1. set server server5 maintenance on Maxscale
2. systemctl stop MariaDB-server
3. yum upgrade MariaDB-server galera
4. systemctl start MariaDB-server
5. Server keeps crashing. See log file below:

2019-10-24 13:45:14 2 [Note] WSREP: Receiving IST: 19149 writesets, seqnos 69494459-69513608
2019-10-24 13:45:14 0 [Note] WSREP: Receiving IST...  0.0% (    0/19149 events) complete.
2019-10-24 13:45:14 0 [Note] Reading of all Master_info entries succeeded
2019-10-24 13:45:14 0 [Note] Added new Master_info '' to hash table
2019-10-24 13:45:14 0 [Note] /usr/sbin/mysqld: ready for connections.
Version: '10.3.18-MariaDB'  socket: '/var/lib/mysql/mysql.sock'  port: 3306  MariaDB Server
2019-10-24 13:45:14 0x7fd6781c5700  InnoDB: Assertion failure in file /home/buildbot/buildbot/padding_for_CPACK_RPM_BUILD_SOURCE_DIRS_PREFIX/mariadb-10.3.18/storage/innobase/row/row0ins.cc line 266
InnoDB: Failing assertion: !cursor->index->is_committed()
InnoDB: We intentionally generate a memory trap.
InnoDB: Submit a detailed bug report to https://jira.mariadb.org/
InnoDB: If you get repeated assertion failures or crashes, even
InnoDB: immediately after the mysqld startup, there may be
InnoDB: corruption in the InnoDB tablespace. Please refer to
InnoDB: https://mariadb.com/kb/en/library/innodb-recovery-modes/
InnoDB: about forcing recovery.
191024 13:45:14 [ERROR] mysqld got signal 6 ;
This could be because you hit a bug.

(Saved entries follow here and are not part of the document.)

Fixpoint teval (env : nat -> M) (t : term L) : M :=
  match t with
  | Var n => env n
  | App f ts => interpF M f (fun i => teval env (ts i))
  end.

Definition scons (a : M) (env : nat -> M) : nat -> M :=
  fun i => match i with 0 => a | S j => env j end.

Fixpoint sat (env : nat -> M) (phi : formula L) : Prop :=
  match phi with
  | FEq t u => teval env t = teval env u
  | FRel r ts => interpR M r (fun i => teval env (ts i))
  | FNeg p => ~ sat env p
  | FAnd p q => sat env p /\ sat env q
  | FEx p => exists a : M, sat (scons a env) p
  end.

Definition ext (n : nat) (a : 'I_n -> M) (e : nat -> M) : nat -> M :=
  fun i => if (insub i : option 'I_n) is Some j then a j else e (i - n).

(* An L(M)-formula in n free variables x_0..x_{n-1}:
   phi(x, y) with parameters b substituted for y = (y_0..y_{m-1}). *)
Record lform (n : nat) := LForm {
  lf_phi : formula L;
  lf_m : nat;
  lf_par : 'I_lf_m -> M;
  lf_bound : fbound (n + lf_m) lf_phi }.
Arguments lf_phi {n} l.
Arguments lf_m {n} l.
Arguments lf_par {n} l _.
Arguments lf_bound {n} l.

Definition sat_par (n : nat) (phi : formula L) (m : nat) (b : 'I_m -> M)
  (a : 'I_n -> M) : Prop :=
  sat (ext a (ext b (fun _ => pt M))) phi.

Definition satL (n : nat) (a : 'I_n -> M) (psi : lform n) : Prop :=
  sat_par (lf_phi psi) (lf_par psi) a.

Definition lneg (n : nat) (psi : lform n) : lform n :=
  @LForm n (FNeg (lf_phi psi)) (lf_m psi) (lf_par psi) (lf_bound psi).

Definition over (A : M -> Prop) (n : nat) (psi : lform n) : Prop :=
  forall j, A (lf_par psi j).

Definition subs (A B : M -> Prop) := forall x, A x -> B x.

Definition ltype (n : nat) := lform n -> Prop.

Definition realizes (n : nat) (p : ltype n) (a : 'I_n -> M) : Prop :=
  forall psi, p psi -> satL a psi.

Definition fin_sat (n : nat) (p : ltype n) : Prop :=
  forall l : seq (lform n), (forall psi, List.In psi l -> p psi) ->
    exists a : 'I_n -> M, forall psi, List.In psi l -> satL a psi.

Definition type_over (A : M -> Prop) (n : nat) (p : ltype n) : Prop :=
  forall psi, p psi -> over A psi.

Definition complete_type (A : M -> Prop) (n : nat) (p : ltype n) : Prop :=
  [/\ type_over A p, fin_sat p &
      forall psi : lform n, over A psi -> p psi \/ p (lneg psi)].

Definition same_types (n : nat) (p q : ltype n) : Prop :=
  forall psi, p psi <-> q psi.

Definition algebraic_type (n : nat) (p : ltype n) : Prop :=
  exists s : seq ('I_n -> M), forall a, realizes p a -> List.In a s.

Definition realized_in (A : M -> Prop) (n : nat) (p : ltype n) : Prop :=
  exists a : 'I_n -> M, (forall i, A (a i)) /\ realizes p a.

Definition same_tp (A : M -> Prop) (m : nat) (b b' : 'I_m -> M) : Prop :=
  forall chi : lform m, over A chi -> (satL b chi <-> satL b' chi).

Definition dcl (A : M -> Prop) (x : M) : Prop :=
  exists psi : lform 1, over A psi /\
    forall a : 'I_1 -> M, satL a psi <-> a ord0 = x.

Definition acl (A : M -> Prop) (x : M) : Prop :=
  exists psi : lform 1, [/\ over A psi, satL (fun _ => x) psi &
    exists s : seq M, forall a : 'I_1 -> M, satL a psi -> List.In (a ord0) s].

Definition divides (A : M -> Prop) (n : nat) (psi : lform n) : Prop :=
  exists (k : nat) (bs : nat -> 'I_(lf_m psi) -> M),
    (forall i, same_tp A (bs i) (lf_par psi)) /\
    forall l : seq nat, uniq l -> size l = k ->
      ~ exists a : 'I_n -> M, forall i, i \in l -> sat_par (lf_phi psi) (bs i) a.

Definition forks (A : M -> Prop) (n : nat) (p : ltype n) : Prop :=
  exists l : seq (lform n), (forall psi, List.In psi l -> divides A psi) /\
    forall a, realizes p a -> exists psi, List.In psi l /\ satL a psi.

Definition aut (s : M -> M) : Prop :=
  [/\ bijective s,
      forall f (a : 'I_(farity f) -> M), s (interpF M f a) = interpF M f (s \o a) &
      forall r (a : 'I_(rarity r) -> M), interpR M r a <-> interpR M r (s \o a)].

(* cardinality strictly below kappa, kappa represented by the type I *)
Definition lt_kappa (I : Type) (T : Type) : Prop :=
  (exists f : T -> I, injective f) /\ ~ (exists g : I -> T, injective g).

Definition small (I : Type) (A : M -> Prop) : Prop := lt_kappa I {x | A x}.

Definition saturated (I : Type) : Prop :=
  forall (A : M -> Prop) (n : nat) (p : ltype n),
    small I A -> type_over A p -> fin_sat p -> exists a, realizes p a.

Definition strongly_homogeneous (I : Type) : Prop :=
  forall (A : M -> Prop) (f : M -> M), small I A ->
    (forall (phi : formula L) (env : nat -> M), (forall i, A (env i)) ->
        (sat env phi <-> sat (f \o env) phi)) ->
    exists s, aut s /\ forall x, A x -> s x = f x.

(* M is a monster model, with kappa > |L| + aleph_0 *)
Definition monster (I : Type) : Prop :=
  [/\ lt_kappa I nat, lt_kappa I (Func L), lt_kappa I (Rel L),
      saturated I & strongly_homogeneous I].

Definition QE : Prop :=
  forall phi : formula L, exists psi : formula L,
    qfree psi /\ forall env, sat env phi <-> sat env psi.

(* (FS): every finite set of real tuples has a code which is a real tuple *)
Definition FS : Prop :=
  forall (n : nat) (S : seq ('I_n -> M)), exists (m : nat) (c : 'I_m -> M),
    forall s, aut s ->
      ((forall t, List.In t S -> List.In (s \o t) S) /\
       (forall t, List.In t S -> exists t', List.In t' S /\ s \o t' = t))
      <-> (forall j, s (c j) = c j).

Definition substructure (K : M -> Prop) : Prop :=
  forall f (a : 'I_(farity f) -> M), (forall i, K (a i)) -> K (interpF M f a).

Definition aut_on (K : M -> Prop) (s : M -> M) : Prop :=
  [/\ forall x, K x -> K (s x),
      forall y, K y -> exists x, K x /\ s x = y,
      forall x y, K x -> K y -> s x = s y -> x = y,
      forall f (a : 'I_(farity f) -> M), (forall i, K (a i)) ->
        s (interpF M f a) = interpF M f (s \o a) &
      forall r (a : 'I_(rarity r) -> M), (forall i, K (a i)) ->
        (interpR M r a <-> interpR M r (s \o a))].

Definition G_action (gT : finGroupType) (K : M -> Prop) (sigma : gT -> M -> M) :=
  (forall g, aut_on K (sigma g)) /\
  (forall g h x, K x -> sigma (g * h)%g x = sigma g (sigma h x)).

Definition faithful (gT : finGroupType) (K : M -> Prop) (sigma : gT -> M -> M) :=
  forall g h : gT, g <> h -> exists x, K x /\ sigma g x <> sigma h x.

Definition fixed (gT : finGroupType) (K : M -> Prop) (sigma : gT -> M -> M) :
  M -> Prop := fun x => K x /\ forall g, sigma g x = x.

Definition dcl_closed (F : M -> Prop) : Prop := forall x, dcl F x <-> F x.

Definition primary (F K : M -> Prop) : Prop :=
  forall x, (dcl K x /\ acl F x) <-> dcl F x.

Definition regular (F K : M -> Prop) : Prop := primary F K /\ dcl_closed F.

It is also possible that this binary
or one of the libraries it was linked against is corrupt, improperly built,
or misconfigured. This error can also be caused by malfunctioning hardware.
 
To report this bug, see https://mariadb.com/kb/en/reporting-bugs
 
We will try our best to scrape up some info that will hopefully help
diagnose the problem, but since we have already crashed, 
something is definitely wrong and this may fail.
 
Server version: 10.3.18-MariaDB
key_buffer_size=134217728
read_buffer_size=131072
max_used_connections=0
max_threads=1002
thread_count=11
It is possible that mysqld could use up to 
key_buffer_size + (read_buffer_size + sort_buffer_size)*max_threads = 2333962 K  bytes of memory
Hope that's ok; if not, decrease some variables in the equation.
 
Thread pointer: 0x7fd5280009a8
Attempting backtrace. You can use the following information to find out
where mysqld died. If you see no messages after this, something went
terribly wrong...
stack_bottom = 0x7fd6781c4d50 thread_stack 0x49000
/usr/sbin/mysqld(my_print_stacktrace+0x2e)[0x560b9c24106e]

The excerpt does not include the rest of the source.